TASK PROMPT: When you reach the line with "(x : kripke_space" in the data below, begin printing lines exactly, and stop once the line with "kripke_open R setT." has been printed.

-*-*-

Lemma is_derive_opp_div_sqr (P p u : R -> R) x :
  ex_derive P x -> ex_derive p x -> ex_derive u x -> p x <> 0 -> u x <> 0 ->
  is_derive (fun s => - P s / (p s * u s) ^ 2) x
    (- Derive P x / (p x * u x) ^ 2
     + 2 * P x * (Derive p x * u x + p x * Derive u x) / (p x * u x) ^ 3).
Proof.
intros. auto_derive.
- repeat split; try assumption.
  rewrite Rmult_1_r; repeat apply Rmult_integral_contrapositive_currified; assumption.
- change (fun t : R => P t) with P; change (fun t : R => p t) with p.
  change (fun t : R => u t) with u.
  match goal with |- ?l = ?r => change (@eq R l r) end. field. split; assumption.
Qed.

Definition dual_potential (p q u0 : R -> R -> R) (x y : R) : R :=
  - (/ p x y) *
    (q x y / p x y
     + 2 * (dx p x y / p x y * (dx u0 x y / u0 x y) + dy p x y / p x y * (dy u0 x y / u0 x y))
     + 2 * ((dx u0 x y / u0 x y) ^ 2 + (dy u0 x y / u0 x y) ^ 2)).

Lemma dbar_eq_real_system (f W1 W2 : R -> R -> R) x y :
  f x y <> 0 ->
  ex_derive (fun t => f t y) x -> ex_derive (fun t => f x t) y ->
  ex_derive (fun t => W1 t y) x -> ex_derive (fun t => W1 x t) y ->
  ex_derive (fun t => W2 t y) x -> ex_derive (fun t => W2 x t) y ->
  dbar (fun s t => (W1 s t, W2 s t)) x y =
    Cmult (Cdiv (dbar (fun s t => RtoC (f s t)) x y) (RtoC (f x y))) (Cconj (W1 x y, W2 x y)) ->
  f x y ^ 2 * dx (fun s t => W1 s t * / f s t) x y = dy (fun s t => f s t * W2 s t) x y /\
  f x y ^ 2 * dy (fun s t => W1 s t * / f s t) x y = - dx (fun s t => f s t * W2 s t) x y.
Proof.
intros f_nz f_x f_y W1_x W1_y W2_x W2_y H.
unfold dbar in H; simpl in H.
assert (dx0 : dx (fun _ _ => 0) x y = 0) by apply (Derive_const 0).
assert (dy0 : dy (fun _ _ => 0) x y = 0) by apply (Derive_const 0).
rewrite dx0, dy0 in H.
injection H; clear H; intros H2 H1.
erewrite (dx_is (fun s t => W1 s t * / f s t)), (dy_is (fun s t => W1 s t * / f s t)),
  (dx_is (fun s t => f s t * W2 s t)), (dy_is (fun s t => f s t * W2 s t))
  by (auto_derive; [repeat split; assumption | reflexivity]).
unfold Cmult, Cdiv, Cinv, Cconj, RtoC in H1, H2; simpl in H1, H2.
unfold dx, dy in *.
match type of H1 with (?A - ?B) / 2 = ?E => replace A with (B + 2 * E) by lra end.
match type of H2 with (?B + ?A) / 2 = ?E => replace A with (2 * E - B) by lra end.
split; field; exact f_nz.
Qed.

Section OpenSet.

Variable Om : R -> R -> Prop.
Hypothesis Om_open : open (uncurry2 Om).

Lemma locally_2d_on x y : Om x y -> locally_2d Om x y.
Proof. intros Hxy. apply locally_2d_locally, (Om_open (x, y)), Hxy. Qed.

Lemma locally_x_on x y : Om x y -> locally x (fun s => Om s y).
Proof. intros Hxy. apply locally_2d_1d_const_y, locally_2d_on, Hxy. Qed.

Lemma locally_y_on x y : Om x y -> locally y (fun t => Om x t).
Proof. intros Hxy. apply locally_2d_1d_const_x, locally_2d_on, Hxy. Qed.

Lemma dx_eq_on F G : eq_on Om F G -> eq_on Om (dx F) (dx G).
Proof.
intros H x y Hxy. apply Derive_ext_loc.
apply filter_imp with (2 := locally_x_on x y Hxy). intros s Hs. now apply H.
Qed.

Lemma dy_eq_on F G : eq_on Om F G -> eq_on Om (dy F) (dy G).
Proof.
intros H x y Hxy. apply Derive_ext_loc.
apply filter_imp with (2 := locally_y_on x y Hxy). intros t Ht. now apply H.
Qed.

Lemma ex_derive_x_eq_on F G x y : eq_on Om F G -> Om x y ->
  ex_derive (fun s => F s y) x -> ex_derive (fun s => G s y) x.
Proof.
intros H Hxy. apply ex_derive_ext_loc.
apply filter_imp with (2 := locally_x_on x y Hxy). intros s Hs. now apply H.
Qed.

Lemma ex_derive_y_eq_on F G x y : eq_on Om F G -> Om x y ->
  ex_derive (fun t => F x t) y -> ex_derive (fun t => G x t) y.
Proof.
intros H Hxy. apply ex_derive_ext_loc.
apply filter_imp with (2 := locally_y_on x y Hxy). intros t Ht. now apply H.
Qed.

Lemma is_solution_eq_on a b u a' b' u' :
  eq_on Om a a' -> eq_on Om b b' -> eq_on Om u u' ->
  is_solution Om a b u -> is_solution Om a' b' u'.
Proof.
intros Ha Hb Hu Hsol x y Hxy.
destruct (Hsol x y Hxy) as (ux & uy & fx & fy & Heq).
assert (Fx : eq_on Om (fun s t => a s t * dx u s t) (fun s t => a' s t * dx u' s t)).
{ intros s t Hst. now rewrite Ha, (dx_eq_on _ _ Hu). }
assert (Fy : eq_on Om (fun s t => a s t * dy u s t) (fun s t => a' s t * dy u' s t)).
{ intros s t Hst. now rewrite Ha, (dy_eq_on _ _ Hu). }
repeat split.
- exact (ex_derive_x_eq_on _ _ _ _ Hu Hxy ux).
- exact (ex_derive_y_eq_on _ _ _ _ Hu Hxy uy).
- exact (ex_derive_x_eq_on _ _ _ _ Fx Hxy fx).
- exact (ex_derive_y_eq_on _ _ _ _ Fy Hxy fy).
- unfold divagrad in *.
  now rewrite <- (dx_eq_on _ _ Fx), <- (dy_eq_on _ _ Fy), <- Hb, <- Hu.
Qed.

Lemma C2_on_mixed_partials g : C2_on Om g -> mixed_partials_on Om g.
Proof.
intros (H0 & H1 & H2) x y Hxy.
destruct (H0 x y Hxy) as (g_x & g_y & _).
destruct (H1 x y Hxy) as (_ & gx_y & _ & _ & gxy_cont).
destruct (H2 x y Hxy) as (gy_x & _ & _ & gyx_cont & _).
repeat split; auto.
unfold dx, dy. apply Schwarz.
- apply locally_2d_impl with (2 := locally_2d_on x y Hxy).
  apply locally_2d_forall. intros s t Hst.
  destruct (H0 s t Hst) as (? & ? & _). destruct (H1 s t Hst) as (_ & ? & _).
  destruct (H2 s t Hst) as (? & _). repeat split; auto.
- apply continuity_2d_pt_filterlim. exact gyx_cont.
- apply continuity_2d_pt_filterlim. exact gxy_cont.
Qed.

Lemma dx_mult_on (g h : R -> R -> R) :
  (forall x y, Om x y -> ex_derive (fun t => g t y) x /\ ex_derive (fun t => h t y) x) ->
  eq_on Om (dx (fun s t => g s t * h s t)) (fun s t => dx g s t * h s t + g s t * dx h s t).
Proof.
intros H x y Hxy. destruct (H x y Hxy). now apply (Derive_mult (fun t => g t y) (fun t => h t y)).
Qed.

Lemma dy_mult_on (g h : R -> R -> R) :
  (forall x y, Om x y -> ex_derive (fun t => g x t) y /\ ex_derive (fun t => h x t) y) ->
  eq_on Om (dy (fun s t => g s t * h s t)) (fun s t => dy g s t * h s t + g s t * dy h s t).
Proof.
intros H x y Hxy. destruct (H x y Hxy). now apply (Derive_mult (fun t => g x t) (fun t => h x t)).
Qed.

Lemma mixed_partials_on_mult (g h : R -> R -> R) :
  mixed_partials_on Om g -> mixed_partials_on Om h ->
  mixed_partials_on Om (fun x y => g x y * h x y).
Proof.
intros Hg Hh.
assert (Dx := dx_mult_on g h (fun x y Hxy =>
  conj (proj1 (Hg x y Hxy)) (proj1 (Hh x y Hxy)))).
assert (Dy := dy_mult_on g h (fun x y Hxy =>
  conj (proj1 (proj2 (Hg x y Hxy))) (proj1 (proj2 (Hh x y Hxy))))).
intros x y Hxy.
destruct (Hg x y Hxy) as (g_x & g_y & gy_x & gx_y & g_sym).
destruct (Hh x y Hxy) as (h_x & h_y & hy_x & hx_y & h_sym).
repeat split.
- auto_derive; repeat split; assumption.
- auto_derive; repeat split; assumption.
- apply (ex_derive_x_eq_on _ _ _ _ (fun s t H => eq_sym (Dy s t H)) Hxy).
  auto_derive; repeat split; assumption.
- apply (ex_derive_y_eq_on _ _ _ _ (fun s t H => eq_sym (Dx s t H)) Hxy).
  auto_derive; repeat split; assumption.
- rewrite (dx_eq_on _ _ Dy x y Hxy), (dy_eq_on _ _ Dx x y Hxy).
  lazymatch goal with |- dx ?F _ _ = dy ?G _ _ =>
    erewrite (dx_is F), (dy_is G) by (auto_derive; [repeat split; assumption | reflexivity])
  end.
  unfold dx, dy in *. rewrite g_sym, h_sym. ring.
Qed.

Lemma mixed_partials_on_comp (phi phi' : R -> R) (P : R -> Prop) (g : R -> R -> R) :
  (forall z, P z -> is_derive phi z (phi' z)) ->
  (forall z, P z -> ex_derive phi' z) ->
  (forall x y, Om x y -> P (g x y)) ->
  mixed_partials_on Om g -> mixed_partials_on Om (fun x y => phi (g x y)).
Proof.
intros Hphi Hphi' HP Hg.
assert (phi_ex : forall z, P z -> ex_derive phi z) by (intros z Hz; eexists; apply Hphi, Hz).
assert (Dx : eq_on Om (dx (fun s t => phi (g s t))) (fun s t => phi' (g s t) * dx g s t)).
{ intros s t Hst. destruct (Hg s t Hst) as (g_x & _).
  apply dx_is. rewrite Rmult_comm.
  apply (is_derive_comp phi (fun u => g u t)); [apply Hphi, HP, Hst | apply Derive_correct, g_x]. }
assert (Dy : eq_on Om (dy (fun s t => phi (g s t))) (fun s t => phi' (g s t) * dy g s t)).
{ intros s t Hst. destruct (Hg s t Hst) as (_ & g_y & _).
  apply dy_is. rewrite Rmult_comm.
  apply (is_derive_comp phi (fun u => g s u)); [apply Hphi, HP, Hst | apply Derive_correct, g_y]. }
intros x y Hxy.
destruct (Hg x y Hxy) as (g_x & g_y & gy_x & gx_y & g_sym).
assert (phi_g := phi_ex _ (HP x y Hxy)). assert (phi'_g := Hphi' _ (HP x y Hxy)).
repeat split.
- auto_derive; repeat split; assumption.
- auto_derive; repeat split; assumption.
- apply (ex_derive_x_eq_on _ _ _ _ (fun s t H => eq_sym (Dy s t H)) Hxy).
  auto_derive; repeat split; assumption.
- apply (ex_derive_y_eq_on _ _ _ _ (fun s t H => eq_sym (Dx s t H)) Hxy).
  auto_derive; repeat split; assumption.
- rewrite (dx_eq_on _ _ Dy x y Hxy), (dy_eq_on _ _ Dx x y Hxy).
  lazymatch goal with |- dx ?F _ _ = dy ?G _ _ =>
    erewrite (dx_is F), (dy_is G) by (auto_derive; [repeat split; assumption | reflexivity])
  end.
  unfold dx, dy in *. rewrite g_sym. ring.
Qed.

-*-*-

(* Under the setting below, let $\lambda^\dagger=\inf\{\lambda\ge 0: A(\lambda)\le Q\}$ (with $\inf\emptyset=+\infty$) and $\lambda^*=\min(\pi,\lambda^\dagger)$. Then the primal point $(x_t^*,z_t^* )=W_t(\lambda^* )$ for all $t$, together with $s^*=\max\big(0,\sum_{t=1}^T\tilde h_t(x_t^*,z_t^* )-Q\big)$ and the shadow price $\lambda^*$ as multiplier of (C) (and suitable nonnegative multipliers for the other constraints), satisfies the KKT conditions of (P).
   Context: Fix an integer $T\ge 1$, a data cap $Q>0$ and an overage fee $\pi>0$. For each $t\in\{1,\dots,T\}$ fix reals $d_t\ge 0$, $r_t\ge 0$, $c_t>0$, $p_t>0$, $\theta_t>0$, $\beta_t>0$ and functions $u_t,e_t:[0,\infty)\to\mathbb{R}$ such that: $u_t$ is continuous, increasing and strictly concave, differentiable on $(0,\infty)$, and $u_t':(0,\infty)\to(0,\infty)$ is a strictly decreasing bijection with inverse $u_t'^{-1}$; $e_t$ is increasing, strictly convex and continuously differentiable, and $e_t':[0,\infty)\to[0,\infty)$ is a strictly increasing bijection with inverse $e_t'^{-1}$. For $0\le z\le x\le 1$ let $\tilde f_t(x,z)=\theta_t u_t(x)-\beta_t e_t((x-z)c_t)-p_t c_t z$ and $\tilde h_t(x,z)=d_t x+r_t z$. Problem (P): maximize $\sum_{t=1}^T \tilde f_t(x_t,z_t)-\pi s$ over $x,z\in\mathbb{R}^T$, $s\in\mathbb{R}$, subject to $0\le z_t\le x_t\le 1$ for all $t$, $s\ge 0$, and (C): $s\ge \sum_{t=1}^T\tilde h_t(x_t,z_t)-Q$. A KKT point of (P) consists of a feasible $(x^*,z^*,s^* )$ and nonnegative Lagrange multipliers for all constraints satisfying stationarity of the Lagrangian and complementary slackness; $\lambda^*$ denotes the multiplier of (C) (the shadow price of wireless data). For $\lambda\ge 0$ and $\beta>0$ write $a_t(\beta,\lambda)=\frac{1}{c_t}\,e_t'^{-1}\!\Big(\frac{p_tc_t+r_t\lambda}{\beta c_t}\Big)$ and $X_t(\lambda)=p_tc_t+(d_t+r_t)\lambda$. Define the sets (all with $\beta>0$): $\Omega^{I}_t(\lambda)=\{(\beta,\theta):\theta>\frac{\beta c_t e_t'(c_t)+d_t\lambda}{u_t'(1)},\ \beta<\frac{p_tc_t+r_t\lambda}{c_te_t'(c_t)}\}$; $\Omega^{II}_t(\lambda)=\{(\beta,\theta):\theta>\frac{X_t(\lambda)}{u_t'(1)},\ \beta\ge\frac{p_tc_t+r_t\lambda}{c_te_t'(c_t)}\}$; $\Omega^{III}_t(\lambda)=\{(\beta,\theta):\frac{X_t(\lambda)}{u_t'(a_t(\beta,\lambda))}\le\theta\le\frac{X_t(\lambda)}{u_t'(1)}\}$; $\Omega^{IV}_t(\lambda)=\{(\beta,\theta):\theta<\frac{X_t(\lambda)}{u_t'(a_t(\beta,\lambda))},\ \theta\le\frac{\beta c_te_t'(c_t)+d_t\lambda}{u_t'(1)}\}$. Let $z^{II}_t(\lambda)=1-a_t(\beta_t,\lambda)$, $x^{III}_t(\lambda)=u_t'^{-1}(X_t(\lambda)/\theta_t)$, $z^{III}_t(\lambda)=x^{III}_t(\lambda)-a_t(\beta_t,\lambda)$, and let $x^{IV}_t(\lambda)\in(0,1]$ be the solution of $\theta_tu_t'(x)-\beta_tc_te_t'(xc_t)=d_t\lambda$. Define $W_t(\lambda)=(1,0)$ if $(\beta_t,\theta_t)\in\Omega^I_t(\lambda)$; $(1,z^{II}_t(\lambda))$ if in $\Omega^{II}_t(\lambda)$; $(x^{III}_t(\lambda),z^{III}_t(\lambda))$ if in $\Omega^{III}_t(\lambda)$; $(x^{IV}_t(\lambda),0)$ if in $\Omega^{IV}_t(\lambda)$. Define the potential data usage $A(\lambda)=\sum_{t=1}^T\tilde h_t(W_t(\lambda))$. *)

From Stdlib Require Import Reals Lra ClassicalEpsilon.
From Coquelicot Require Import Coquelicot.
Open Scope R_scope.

-*-*-

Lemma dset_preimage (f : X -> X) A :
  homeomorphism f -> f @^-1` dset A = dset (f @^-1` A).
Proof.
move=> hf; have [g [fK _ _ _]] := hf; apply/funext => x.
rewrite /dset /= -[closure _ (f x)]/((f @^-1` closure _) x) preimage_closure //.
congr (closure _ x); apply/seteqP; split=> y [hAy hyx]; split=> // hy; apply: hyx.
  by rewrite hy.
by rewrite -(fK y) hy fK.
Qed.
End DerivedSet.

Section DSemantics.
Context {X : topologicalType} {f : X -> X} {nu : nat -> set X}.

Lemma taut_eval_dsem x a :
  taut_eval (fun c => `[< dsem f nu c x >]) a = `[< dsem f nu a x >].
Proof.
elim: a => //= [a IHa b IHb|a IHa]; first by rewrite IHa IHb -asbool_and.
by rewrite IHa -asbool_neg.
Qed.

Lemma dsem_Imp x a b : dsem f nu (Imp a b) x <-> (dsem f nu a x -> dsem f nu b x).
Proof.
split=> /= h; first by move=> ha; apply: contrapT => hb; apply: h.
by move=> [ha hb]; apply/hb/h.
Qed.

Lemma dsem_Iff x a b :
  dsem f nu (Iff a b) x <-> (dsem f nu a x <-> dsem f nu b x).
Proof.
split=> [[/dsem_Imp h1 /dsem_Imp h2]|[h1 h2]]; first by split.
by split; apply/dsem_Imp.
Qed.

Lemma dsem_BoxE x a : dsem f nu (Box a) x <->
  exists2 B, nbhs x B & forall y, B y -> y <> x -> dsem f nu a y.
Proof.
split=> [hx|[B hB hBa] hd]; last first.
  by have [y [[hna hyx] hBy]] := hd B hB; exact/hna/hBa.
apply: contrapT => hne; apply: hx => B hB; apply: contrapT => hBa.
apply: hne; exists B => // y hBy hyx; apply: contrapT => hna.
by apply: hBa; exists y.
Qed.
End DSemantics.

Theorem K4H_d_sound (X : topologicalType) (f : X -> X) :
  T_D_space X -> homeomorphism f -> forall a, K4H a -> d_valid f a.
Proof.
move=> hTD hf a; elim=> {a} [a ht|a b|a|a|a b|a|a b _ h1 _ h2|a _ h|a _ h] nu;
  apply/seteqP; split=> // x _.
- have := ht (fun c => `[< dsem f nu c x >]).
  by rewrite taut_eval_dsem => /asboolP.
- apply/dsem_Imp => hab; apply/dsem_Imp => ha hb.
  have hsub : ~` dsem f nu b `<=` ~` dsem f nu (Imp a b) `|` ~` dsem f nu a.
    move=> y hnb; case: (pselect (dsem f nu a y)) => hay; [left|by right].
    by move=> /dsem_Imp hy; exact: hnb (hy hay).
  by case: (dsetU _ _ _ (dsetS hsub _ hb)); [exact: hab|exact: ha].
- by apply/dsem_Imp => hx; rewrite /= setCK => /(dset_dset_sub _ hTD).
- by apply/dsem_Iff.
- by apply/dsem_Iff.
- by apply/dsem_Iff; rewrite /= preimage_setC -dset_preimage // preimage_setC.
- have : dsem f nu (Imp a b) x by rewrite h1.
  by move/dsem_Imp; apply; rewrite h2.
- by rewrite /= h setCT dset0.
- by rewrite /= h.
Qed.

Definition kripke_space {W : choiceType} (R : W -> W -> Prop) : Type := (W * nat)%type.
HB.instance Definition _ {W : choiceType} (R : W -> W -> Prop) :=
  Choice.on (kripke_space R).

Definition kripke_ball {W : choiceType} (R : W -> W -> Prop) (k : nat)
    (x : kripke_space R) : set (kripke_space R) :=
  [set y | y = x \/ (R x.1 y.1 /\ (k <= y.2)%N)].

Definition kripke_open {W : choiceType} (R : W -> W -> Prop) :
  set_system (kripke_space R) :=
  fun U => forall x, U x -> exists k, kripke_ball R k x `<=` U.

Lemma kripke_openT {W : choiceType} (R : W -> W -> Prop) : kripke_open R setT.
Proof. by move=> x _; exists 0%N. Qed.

-*-*-

TASK ANSWER:
    (x : kripke_space R) : set (kripke_space R) :=
  [set y | y = x \/ (R x.1 y.1 /\ (k <= y.2)%N)].

Definition kripke_open {W : choiceType} (R : W -> W -> Prop) :
  set_system (kripke_space R) :=
  fun U => forall x, U x -> exists k, kripke_ball R k x `<=` U.

Lemma kripke_openT {W : choiceType} (R : W -> W -> Prop) : kripke_open R setT.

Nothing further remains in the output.